Fair enough, but at least two people in that discussion did have that concern (me and them) and only didn’t raise it further because an apparently-sufficient library solution was found – and quite a few other people cared enough about that to debate the merits of that implementation. I think it’s clear that RFC PR would have gone very differently if that implementation hadn’t been posted or if we had realized it’s insufficient.

mjbshaw · January 29, 2019, 6:20am

If the offsetof keyword is resurrected (which I personally don’t want to do), I imagine it would be a new AST node. In which case, I don’t really see much difference in terms of implementation between a keyword or a special built-in macro. The only significant difference seems to be surface syntax, and I personally prefer the macro syntax.
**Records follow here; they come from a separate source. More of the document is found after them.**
Lemma rsum_off_rectangle (D : list (T * U)) : NoDup D ->
  (forall p, In p D -> pair_in A B p /\ ~ (In (fst p) FA /\ In (snd p) FB)) ->
  rsum (fun p => f (fst p) * g (snd p)) D <= d * MB + MA * d.
Proof.
  intros HD HDin.
  set (P := fun p : T * U => inb FA (fst p)).
  rewrite (rsum_filter _ P D).
  set (D2 := filter P D). set (D1 := filter (fun p => negb (P p)) D).
  assert (HD1 : forall p, In p D1 -> In p D /\ ~ In (fst p) FA).
  { intros p Hp. apply filter_In in Hp as [Hp HP]. apply Bool.negb_true_iff, inb_false in HP. auto. }
  assert (HD2 : forall p, In p D2 -> In p D /\ ~ In (snd p) FB).
  { intros p Hp. apply filter_In in Hp as [Hp HP]. apply inb_true in HP.
    split; auto. intro. apply (HDin p Hp); auto. }
  assert (Hproj : forall (E : list (T * U)), (forall p, In p E -> In p D) ->
            (forall x, In x (nodup classic_eq_dec (map fst E)) -> A x) /\
            (forall y, In y (nodup classic_eq_dec (map snd E)) -> B y)).
  { intros E HE. split; intros z Hz; apply nodup_In, in_map_iff in Hz as [p [<- Hp]];
      apply (HDin p (HE p Hp)). }
  assert (rsum (fun p => f (fst p) * g (snd p)) D1 <= d * MB).
  { eapply Rle_trans; [apply rsum_le_prod_projections; [apply NoDup_filter, HD|auto|auto]|].
    destruct (Hproj D1) as [PA PB]; [intros p Hp; apply HD1; auto|].
    apply Rmult_le_compat; auto using rsum_ge0, NoDup_nodup.
    - left. apply tailA; auto using NoDup_nodup.
      intros x Hx Hw. apply nodup_In, in_map_iff in Hx as [p [<- Hp]]. apply (HD1 p Hp), HWA, Hw. }
  assert (rsum (fun p => f (fst p) * g (snd p)) D2 <= MA * d).
  { eapply Rle_trans; [apply rsum_le_prod_projections; [apply NoDup_filter, HD|auto|auto]|].
    destruct (Hproj D2) as [PA PB]; [intros p Hp; apply HD2; auto|].
    apply Rmult_le_compat; auto using rsum_ge0, NoDup_nodup.
    left. apply tailB; auto using NoDup_nodup.
    intros y Hy Hw. apply nodup_In, in_map_iff in Hy as [p [<- Hp]]. apply (HD2 p Hp), HWB, Hw. }
  lra.
Qed.

End OffRectangle.

Lemma has_sum_window {T} (f : T -> C) S a d : has_sum f S a -> abs_summable f S -> 0 < d ->
  exists F W, NoDup F /\ incl W F /\ (forall x, In x F -> S x) /\
    Cmod (Cminus (lsum f F) a) < d /\
    forall G, NoDup G -> (forall x, In x G -> S x) -> (forall x, In x G -> ~ In x W) ->
      rsum (fun x => Cmod (f x)) G < d.
Proof.
  intros Hf Habs Hd.
  destruct (Hf d Hd) as [W1 [HW1 HW1']].
  destruct (has_sum_abs_tail _ f S Habs d Hd) as [W2 [HW2 HW2']].
  set (F := nodup classic_eq_dec (W1 ++ W2)).
  assert (HF : forall x, In x F <-> In x W1 \/ In x W2)
    by (intro; unfold F; rewrite nodup_In, in_app_iff; tauto).
  exists F, W2. split; [apply NoDup_nodup|split; [intros x Hx; apply HF; auto|split]].
  - intros x Hx. apply HF in Hx as [Hx|Hx]; auto.
  - split; auto. apply HW1'; [apply NoDup_nodup| |]; intros x Hx; [apply HF in Hx as [|]|apply HF]; auto.
Qed.

Lemma Cmod_mul_sub_le (x y a b : C) :
  Cmod (Cminus (Cmult x y) (Cmult a b)) <= Cmod (Cminus x a) * Cmod y + Cmod a * Cmod (Cminus y b).
Proof.
  replace (Cminus (Cmult x y) (Cmult a b)) with
    (Cplus (Cmult (Cminus x a) y) (Cmult a (Cminus y b))) by (unfold Cminus; ring).
  eapply Rle_trans; [apply Cmod_triangle|]. rewrite !Cmod_mult. lra.
Qed.

Lemma has_sum_mul {T U} (f : T -> C) (g : U -> C) A B a b :
  has_sum f A a -> has_sum g B b -> abs_summable f A -> abs_summable g B ->
  has_sum (fun p => Cmult (f (fst p)) (g (snd p))) (pair_in A B) (Cmult a b).
Proof.
  intros Hf Hg Hfa Hga eps Heps.
  destruct (has_sum_abs_bounded _ f A Hfa) as [MA [HMA HMA']].
  destruct (has_sum_abs_bounded _ g B Hga) as [MB [HMB HMB']].
  set (K := 2 * MB + Cmod a + MA + 1).
  assert (HK : 0 < K) by (unfold K; pose proof (Cmod_ge_0 a); lra).
  set (d := eps / K).
  assert (Hd : 0 < d) by (apply Rdiv_lt_0_compat; auto).
  destruct (has_sum_window f A a d Hf Hfa Hd) as [FA [WA [NA [IA [SA [EA TA]]]]]].
  destruct (has_sum_window g B b d Hg Hga Hd) as [FB [WB [NB [IB [SB [EB TB]]]]]].
  assert (N0 : NoDup (list_prod FA FB)) by (apply NoDup_list_prod; auto).
  exists (list_prod FA FB). split.
  { intros [x y] H. apply in_prod_iff in H as [Hx Hy]. split; auto. }
  intros F HF HS HI.
  set (h := fun p : T * U => Cmult (f (fst p)) (g (snd p))).
  rewrite (lsum_incl h (list_prod FA FB) F N0 HF HI).
  set (D := filter (fun p => negb (inb (list_prod FA FB) p)) F).
  unfold h at 1. rewrite lsum_list_prod.
  assert (BB : Cmod (lsum g FB) <= MB) by (eapply Rle_trans; [apply Cmod_lsum|]; auto).
  assert (ED : Cmod (lsum h D) <= d * MB + MA * d).
  { eapply Rle_trans; [apply Cmod_lsum|].
    erewrite rsum_ext_in by (intros; unfold h; apply Cmod_mult).
    apply (rsum_off_rectangle _ _ (fun x => Cmod (f x)) (fun y => Cmod (g y)) A B FA WA FB WB);
      auto using Cmod_ge_0; [apply NoDup_filter, HF|].
    intros p Hp. apply In_filter_notinb in Hp as [Hp Hn]. split; auto.
    intros [H1 H2]. apply Hn. destruct p; apply in_prod; auto. }
  pose proof (Cmod_mul_sub_le (lsum f FA) (lsum g FB) a b).
  replace (Cminus (Cplus (Cmult (lsum f FA) (lsum g FB)) (lsum h D)) (Cmult a b)) with
    (Cplus (Cminus (Cmult (lsum f FA) (lsum g FB)) (Cmult a b)) (lsum h D)) by (unfold Cminus; ring).
  eapply Rle_lt_trans; [apply Cmod_triangle|].
  assert (eps = d * K) by (unfold d; field; lra).
  pose proof (Cmod_ge_0 a). pose proof (Cmod_ge_0 (Cminus (lsum g FB) b)).
  pose proof (Cmod_ge_0 (Cminus (lsum f FA) a)). unfold K in *. nra.
Qed.

Lemma abs_summable_mul {T U} (f : T -> C) (g : U -> C) A B :
  abs_summable f A -> abs_summable g B ->
  abs_summable (fun p => Cmult (f (fst p)) (g (snd p))) (pair_in A B).
Proof.
  intros Hfa Hga. destruct Hfa as [a' Ha]. destruct Hga as [b' Hb].
  assert (Hfa : abs_summable (absf f) A)
    by (exists a'; eapply has_sum_ext; [|exact Ha]; intros; now rewrite absf_absf).
  assert (Hga : abs_summable (absf g) B)
    by (exists b'; eapply has_sum_ext; [|exact Hb]; intros; now rewrite absf_absf).
  exists (Cmult a' b'). eapply has_sum_ext; [|apply (has_sum_mul _ _ A B a' b' Ha Hb Hfa Hga)].
  intros. unfold absf. now rewrite Cmod_mult, RtoC_mult.
Qed.

Lemma growing_bounded_tail (A : nat -> R) : Un_growing A -> has_ub A ->
  exists Ainf, (forall n, A n <= Ainf) /\
    forall eps, 0 < eps -> exists N, forall n, (N <= n)%nat -> Ainf - A n < eps.
Proof.
  intros Agrow Aub. destruct (growing_cv A Agrow Aub) as [Ainf HAinf].
  assert (Ale : forall n, A n <= Ainf).
  { intro n. apply Rnot_lt_le. intro Hlt. destruct (HAinf (A n - Ainf)) as [N HN]; [lra|].
    specialize (HN (max n N) ltac:(lia)). unfold Rdist in HN.
    assert (A n <= A (max n N)) by (apply tech9; auto; lia).
    rewrite Rabs_pos_eq in HN by lra. lra. }
  exists Ainf. split; auto. intros eps Heps. destruct (HAinf eps Heps) as [N HN].
  exists N. intros n Hn. specialize (HN n Hn). unfold Rdist in HN.
  rewrite Rabs_minus_sym, Rabs_pos_eq in HN by (specialize (Ale n); lra). auto.
Qed.

Lemma Cmod_le_2max (z : C) : Cmod z <= 2 * Rmax (Rabs (fst z)) (Rabs (snd z)).
Proof.
  eapply Rle_trans; [apply Cmod_2Rmax|]. apply Rmult_le_compat_r.
  - eapply Rle_trans; [apply Rabs_pos|apply Rmax_l].
  - pose proof (sqrt_sqrt 2). pose proof (sqrt_pos 2). nra.
Qed.

Lemma C_cauchy_cv (a : nat -> C) :
  (forall eps, 0 < eps -> exists N, forall n m, (N <= n)%nat -> (N <= m)%nat ->
     Cmod (Cminus (a m) (a n)) < eps) ->
  exists L, forall eps, 0 < eps -> exists N, forall n, (N <= n)%nat -> Cmod (Cminus (a n) L) < eps.
Proof.
  intro Ha.
  assert (Hcomp : forall pr : C -> R, (forall z, Rabs (pr z) <= Cmod z) ->
            (forall z w, pr (Cminus z w) = pr z - pr w) -> Cauchy_crit (fun n => pr (a n))).
  { intros pr Hpr Hlin eps Heps. destruct (Ha eps Heps) as [N HN]. exists N. intros n m Hn Hm.
    unfold Rdist. rewrite <- Hlin. eapply Rle_lt_trans; [apply Hpr|]. apply HN; auto. }
  destruct (Rcomplete.R_complete _ (Hcomp fst ltac:(apply (fun z => Rle_trans _ _ _ (Rmax_l _ _) (Rmax_Cmod z)))
              ltac:(intros; simpl; ring))) as [lr Hlr].
  destruct (Rcomplete.R_complete _ (Hcomp snd ltac:(apply (fun z => Rle_trans _ _ _ (Rmax_r _ _) (Rmax_Cmod z)))
              ltac:(intros; simpl; ring))) as [li Hli].
  exists (lr, li). intros eps Heps.
  destruct (Hlr (eps/4)) as [N2 HN2]; [lra|]. destruct (Hli (eps/4)) as [N3 HN3]; [lra|].
  exists (max N2 N3). intros n Hn.
  specialize (HN2 n ltac:(lia)). specialize (HN3 n ltac:(lia)). unfold Rdist in *.
  eapply Rle_lt_trans; [apply Cmod_le_2max|]. simpl.
  assert (Rmax (Rabs (fst (a n) + - lr)) (Rabs (snd (a n) + - li)) < eps/2)
    by (apply Rmax_lub_lt; unfold Rminus in *; lra).
  lra.
Qed.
Similarly, this could be (safely) implemented as a completely ordinary macro if there was a way to disable auto-Deref, but Rust presently has no way to do that. One alternative is to do the following (only works for sized types):

macro_rules! offset_of {
    ($ty:ty, $field:ident $(,)?) => ({
        const fn offset() -> usize {
            let uninit = $crate::mem::MaybeUninit<$ty>::uninitialized();
            let ptr = uninit.as_ptr(); // requires as_ptr() to be a const fn;
            let field_ptr = unsafe { &(*ptr).$field as *const _ };
            let offset = (field_ptr as usize).wrapping_sub(ptr as usize);
            // Requires const assert!.
            assert!(offset == 0 || offset < $crate::mem::size_of::<$ty>());
            return offset;
        }
        const OFFSET: usize = offset();
        OFFSET
    });
}

This doesn’t work for unsized types because you have to use size_of_val, which isn’t (and can’t be, I don’t think) a const fn. This doesn’t stop you going through Deref, but the assert ensures that you cannot escape the struct, and the fact that it’s a const should catch any issues at compile time (though with less-than-ideal error messages).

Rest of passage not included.